Встал, подбросил веток в огонь. Она следила за ним. Если бы он не послушал, сделал то, что хотел и чего хотела она, наплевав на остальных, все было бы привычнее и проще.
— Совсем я тут с вами сбилась, — пожаловалась она. — Все не как у людей. Сорвешься — тебя подхватят. Утащат — вы освободите. Последний кусок на всех делим. В город вернемся — там все по-старому. А здесь, с тобой… Я вот знаю, сейчас лягу, голову положу тебе на колени, глаза закрою — и могу спать спокойно. Потому что верю тебе.
— Веришь? — спросил он.
Вместо ответа она подтянулась к нему, положила голову на колени, ладонь под щеку и зажмурила глаза.

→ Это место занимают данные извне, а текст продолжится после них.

Lemma weight_set_col (S : pvert n -> bool) (m : nat) (x : profile) :
  weight n (rdf_of (set_col S (m + 4) x)) +
    W9 (prof S m) (prof S (m + 1)) (prof S (m + 2)) (prof S (m + 3)) (prof S (m + 4))
       (prof S (m + 5)) (prof S (m + 6)) (prof S (m + 7)) (prof S (m + 8)) =
  weight n (rdf_of S) +
    W9 (prof S m) (prof S (m + 1)) (prof S (m + 2)) (prof S (m + 3)) x
       (prof S (m + 5)) (prof S (m + 6)) (prof S (m + 7)) (prof S (m + 8)).
Proof.
have prof_set e : e <= 8 ->
    prof (set_col S (m + 4) x) (m + e) = if e == 4 then x else prof S (m + e).
  by move=> e8; rewrite /prof pcol_set_col cyc_offset.
have prof_set0 : prof (set_col S (m + 4) x) m = prof S m.
  by have := prof_set 0 isT; rewrite addn0.
have := sum_agree_off (colw_set_col_far S m x).
by rewrite !weight_rdf_of !sum_near_cols prof_set0 !prof_set.
Qed.

Lemma card_set_col (S : pvert n -> bool) (m : nat) (x : profile) :
  #|[set w | set_col S (m + 4) x w]| + npc (prof S (m + 4)) = #|[set w | S w]| + npc x.
Proof.
have off a : a \notin [set cyc (m + 4)] ->
    npc (pcol (set_col S (m + 4) x) a) = npc (pcol S a).
  by rewrite in_set1 pcol_set_col => /negbTE ->.
by have := sum_agree_off off; rewrite !card_V2 !big_set1 pcol_set_col eqxx.
Qed.

(* The columns of the window V'(j, t) when j = m + 2 (mod n). *)
Definition cols_from (m t : nat) : {set 'I_n} := [set cyc (m + 2 + val k) | k : 'I_t].

Lemma sum_cols (R : Type) (idx : R) (op : Monoid.com_law idx) (m t : nat) (F : pvert n -> R) :
  t <= n ->
  \big[op/idx]_(w in [set w : pvert n | w.2 \in cols_from m t]) F w =
  \big[op/idx]_(k < t) op (F (false, cyc (m + 2 + k))) (F (true, cyc (m + 2 + k))).
Proof.
move=> tn; rewrite big_mkcond /= sum_pvert.
rewrite (eq_bigr (fun a => if a \in cols_from m t then op (F (false, a)) (F (true, a)) else idx)).
  rewrite -big_mkcond big_imset //= => k k' _ _ /cyc_inj E.
  by apply: val_inj; apply: E; exact: leq_trans (ltn_ord _) tn.
by move=> a _; rewrite !inE /=; case: (a \in cols_from m t); rewrite ?Monoid.mul1m.
Qed.

Lemma cols_from_all (m t : nat) : n <= t -> cols_from m t = setT.
Proof.
move=> nt; apply/eqP; rewrite eqEcard subsetT cardsT card_ord /=.
have card_n : #|cols_from m n| = n.
  rewrite card_imset ?card_ord // => k k' /cyc_inj E.
  by apply: val_inj; apply: E; exact: ltn_ord.
rewrite -[X in X <= _]card_n; apply: subset_leq_card.
by apply/subsetP => _ /imsetP[k _ ->]; apply/imsetP; exists (widen_ord nt k).
Qed.

Lemma cols_from_minn (m : nat) : cols_from m 7 = cols_from m (minn 7 n).
Proof. by case: (leqP 7 n) => // n7; rewrite !cols_from_all // ltnW. Qed.

Lemma Vp_cols (j : int) (m : nat) : (j = (m + 2)%:Z %[mod n])%Z ->
  Vp n j 7 = [set w : pvert n | w.2 \in cols_from m 7].
Proof.
move=> hj; apply/setP => -[b c]; rewrite !inE /=.
have cond (c' : 'I_n) (k : nat) :
    ((c' : nat)%:Z == (j + k%:Z)%R %[mod n])%Z = (c' == cyc (m + 2 + k)).
  rewrite -val_eqE /= modz_nat (modn_small (ltn_ord c')) -modzDml hj modzDml -PoszD.
  by rewrite modz_nat eqz_nat.
apply/existsP/imsetP => [[k hk]|[k _ ->]].
  by exists k => //; apply/eqP; rewrite -(cond c k).
by exists k; exact: etrans (cond _ k) (eqxx _).
Qed.

Section Minimal.
Variable f : pvert n -> nat.
Hypothesis hf : is_min_RDF_minV2 n f.

Let S : pvert n -> bool := fun w => f w == 2.

(* A vertex of value 1 with a neighbour in V_2 could be lowered to 0. *)
Lemma one_undominated (w : pvert n) : f w = 1 -> ~~ dominated S w.
Proof.
have [[rdf minw] _] := hf; move=> fw1; apply/negP => /existsP[w' /andP[adj fw']].
pose g z := if z == w then 0 else f z.
have rdf_g : is_RDF n g.
  move=> z; rewrite /g; case: eqP => [->|/eqP zw]; split => //.
  - move=> _; exists w'; split => //; case: eqP => [ww'|_]; last exact/eqP.
    by move: fw'; rewrite /S ww' fw1.
  - by case: (rdf z).
  - move=> /(proj2 (rdf z)) [w'' [adj'' fw'']]; exists w''; split => //.
    by case: eqP => [ww''|//]; move: fw1; rewrite -ww'' fw''.
have := minw g rdf_g; rewrite /weight (bigD1 w) //= [X in _ <= X](bigD1 w) //=.
have -> : \sum_(z | z != w) g z = \sum_(z | z != w) f z.
  by apply: eq_bigr => z /negbTE zw; rewrite /g zw.
by rewrite [g w]/g eqxx fw1 add0n add1n ltnn.
Qed.

Lemma normal_form (w : pvert n) : f w = rdf_of S w.
Proof.
have [[rdf _] _] := hf; have [le2 dom0] := rdf w.
rewrite /rdf_of /S; case: eqP => // f2.
have [fw|fw] : f w = 0 \/ f w = 1 by lia.
- have [w' [adj fw']] := dom0 fw.
  suff -> : dominated S w by [].
  by apply/existsP; exists w'; rewrite adj /S fw' eqxx.
- by rewrite fw (negbTE (one_undominated w fw)).
Qed.

Lemma local_optimality (m : nat) : locopt (prof S) m.
Proof.
have [[_ minw] minv] := hf.
have wf : weight n f = weight n (rdf_of S) by apply: eq_bigr => w _; exact: normal_form.
rewrite /locopt /loc9; apply/allP => x _; cbv beta zeta.
have W := weight_set_col S m x; have C := card_set_col S m x.
set Wold := W9 _ _ _ _ (prof S (m + 4)) _ _ _ _ in W *.
set Wnew := W9 _ _ _ _ x _ _ _ _ in W *.
have le := minw _ (rdf_of_RDF (set_col S (m + 4) x)); rewrite wf in le.
case: (ltngtP Wold Wnew) => //= [lt|eq]; first by lia.
have gam : is_gammaR_RDF n (rdf_of (set_col S (m + 4) x)).
  by split; [exact: rdf_of_RDF | move=> h rdf_h; have := minw h rdf_h; lia].
by have := minv _ gam; rewrite Vset_rdf_of (_ : Vset n f 2 = [set w | S w]) //; lia.
Qed.
Lemma continuous_f x : 0 < x < 1 -> continuous f x.
Proof.
  intros Hx. apply (ex_derive_continuous (K := R_AbsRing) (V := R_NormedModule)), ex_derive_f, Hx.
Qed.

(* [bdry c k s] is the boundary term of the [k]-fold integration by parts
   of [x^(s-1) (D + c_(k-1)) ... (D + c_0) f]. *)
Fixpoint bdry (c : nat -> R) (k : nat) (s x : R) : R :=
  match k with
  | O => 0
  | S k' => prodD c k' f x + (c k' - s) * bdry c k' s x
  end.

Lemma is_derive_Rpower_bdry c s k x : (k <= m)%nat -> 0 < x < 1 ->
  is_derive (fun y => Rpower y s * bdry c k s y) x
    (Rpower x (s - 1) * (prodD c k f x - prodR k (fun j => c j - s) * f x)).
Proof.
  intros Hk Hx. induction k as [|k IH]; simpl.
  - apply (is_derive_ext (fun _ => 0)); [intros; simpl; ring |].
    replace (Rpower x (s - 1) * (f x - 1 * f x)) with 0 by ring. apply (is_derive_const 0).
  - assert (D1 := is_derive_mult _ _ x _ _ (is_derive_Rpower s x (proj1 Hx))
                    (is_derive_prodD c k x ltac:(lia) Hx) Rmult_comm).
    assert (D := is_derive_plus _ _ x _ _ D1 (is_derive_scal _ x (c k - s) _ (IH ltac:(lia)))).
    apply (is_derive_ext (fun y => Rpower y s * prodD c k f y + (c k - s) * (Rpower y s * bdry c k s y)));
      [intros; simpl; ring |].
    apply (is_derive_eq_value _ _ _ _ D). unfold DplusC, plus, mult; simpl.
    rewrite (Rpower_pred x s (proj1 Hx)). ring.
Qed.

Lemma diff_expr_bdry c k s : (k <= m)%nat -> diff_expr (m - 1) (bdry c k s).
Proof.
  induction k as [|k IH]; intros Hk; simpl; [apply diff_expr_0 |].
  apply diff_expr_plus; [apply (diff_expr_le k), diff_expr_prodD; lia |].
  apply diff_expr_scal, IH; lia.
Qed.

Lemma poly_param_bdry c k : poly_param k (bdry c k).
Proof.
  induction k as [|k IH]; simpl; [auto |].
  apply (poly_param_add (S k)); [apply poly_param_const | apply poly_param_mul_linear; auto].
Qed.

Так и проспала до утра, улыбаясь во сне. А Крис сидел, смотрел Кате в лицо, иногда тихонько поглаживая ей лоб, глаза закрытые… И один только раз осторожно прикоснулся к ее губам.
Весь следующий день потратили на спуск к лесу, пока не уперлись в овраг.

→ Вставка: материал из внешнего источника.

Definition init_state (l : nat) (g b : cstate) : Prop :=
  exists iv : nat -> value,
    (forall e, ops g e <-> exists x, e = (Wr x (iv x), 0)) /\
    (forall e, ~ cvd g e) /\
    (forall t x, tview g t (CV x) = (Wr x (iv x), 0)) /\
    (forall x y, mview g (Wr x (iv x), 0) (CV y) = (Wr y (iv y), 0)) /\
    (forall x, mview g (Wr x (iv x), 0) (LO l) = (LInit l, 0)) /\
    (forall e, ops b e <-> e = (LInit l, 0)) /\
    (forall e, ~ cvd b e) /\
    (forall t, tview b t (LO l) = (LInit l, 0)) /\
    (forall y, mview b (LInit l, 0) (CV y) = (Wr y (iv y), 0)) /\
    mview b (LInit l, 0) (LO l) = (LInit l, 0).

Inductive reachable (l : nat) : cstate -> cstate -> Prop :=
| reach_init g b : init_state l g b -> reachable l g b
| reach_step g b g' b' : reachable l g b -> step l g b g' b' -> reachable l g' b'.

Definition dview (V : view) (W : tsop -> Prop) (x : loc) (n : value) : Prop :=
  exists w, W w /\ var w.1 = x /\
    (forall w', W w' -> var w'.1 = x -> tst w' <= tst w) /\
    V x = w /\ wrval w.1 = Some n.

(* [x = n]_t  (on the client state) *)
Definition cval (g : cstate) (t : thread) (x : nat) (n : value) : Prop :=
  dview (tview g t) (fun e => ops g e /\ is_write e.1) (CV x) n.

(* <o.m>_t  (o = var a) *)
Definition pobs (b : cstate) (t : thread) (a : act) : Prop :=
  exists q, ops b (a, q) /\ tst (tview b t (var a)) <= q.

(* [o.m]_t *)
Definition dobs (b : cstate) (t : thread) (a : act) : Prop :=
  exists q, is_maxTS b (var a) q /\ tst (tview b t (var a)) = q /\ ops b (a, q).

(* <o.m>[y = v]_t *)
Definition cobs (g b : cstate) (t : thread) (a : act) (y : nat) (v : value) : Prop :=
  is_sync a /\
  forall q, ops b (a, q) -> tst (tview b t (var a)) <= q ->
    dview (mview b (a, q)) (ops g) (CV y) v.
Lemma Un_cv_0_scal (c : R) (u : nat -> R) :
  Un_cv u 0 -> Un_cv (fun n => c * u n) 0.
Proof.
  intros Hu. rewrite <- (Rmult_0_r c). apply CV_mult; [|exact Hu].
  intros e He. exists 0%nat. intros n _. unfold R_dist. rewrite Rminus_diag, Rabs_R0. lra.
Qed.

Lemma infinite_sum_ge_term (f : nat -> R) (l : R) (k : nat) :
  (forall i, 0 <= f i) -> infinite_sum f l -> f k <= l.
Proof.
  intros Hf Hs. apply Rle_trans with (sum_f_R0 f k).
  - destruct k as [|k]; simpl; [lra|]. pose proof (cond_pos_sum f k Hf). lra.
  - apply growing_ineq; [|exact Hs]. intros n. simpl. specialize (Hf (S n)). lra.
Qed.

Lemma avoids_iff (f : R -> R) (j : nat) (s s' : R) :
  s <= s' -> (forall y, s <= y < s' -> 0 < Nat.iter j f y < s) ->
  forall x, (forall k, ~ (0 < Nat.iter k f x < s)) <->
            (forall k, ~ (0 < Nat.iter k f x < s')).
Proof.
  intros Hss' Hret x. split; intros Havoid k Hk.
  - destruct (Rlt_le_dec (Nat.iter k f x) s) as [Hlt|Hge].
    + apply (Havoid k). lra.
    + apply (Havoid (j + k)%nat). rewrite Nat.iter_add. apply Hret. lra.
  - apply (Havoid k). lra.
Qed.

Section BetaExpansions.
Variable beta : R.
Hypothesis beta_gt_1 : 1 < beta.

Let beta_pow_pos n : 0 < beta ^ n.
Proof. apply pow_lt; lra. Qed.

Он был довольно глубок, с крутыми склонами, поросшими мелколистым буком. Земля темнела ближе ко дну. Там должна была быть вода.
Спускаться было несложно. Хотя корни бука здесь росли все наружу. Их не видно было под густыми перистыми листьями папоротника. Почва между корнями была вымыта, и они то и дело спотыкались об них, хватались за ветки и стволы, чтобы не упасть.
Спускались за Крисом змейкой.
Юнг шел за Светкой, упрямо глядя в стриженый ее затылок, на тонкую шею, три острых позвонка.
Вдруг оступилась, вскрикнула, замерла, вглядываясь под ноги.
— Что? — подскочил тут же Юнг.
— Н-не знаю, — растерянно произнесла она. — Что-то там есть.
— Где?
— Ну в этих вот корнях, — стукнула ногой опасливо по толстому корню. — Что-то двинулось и звук такой…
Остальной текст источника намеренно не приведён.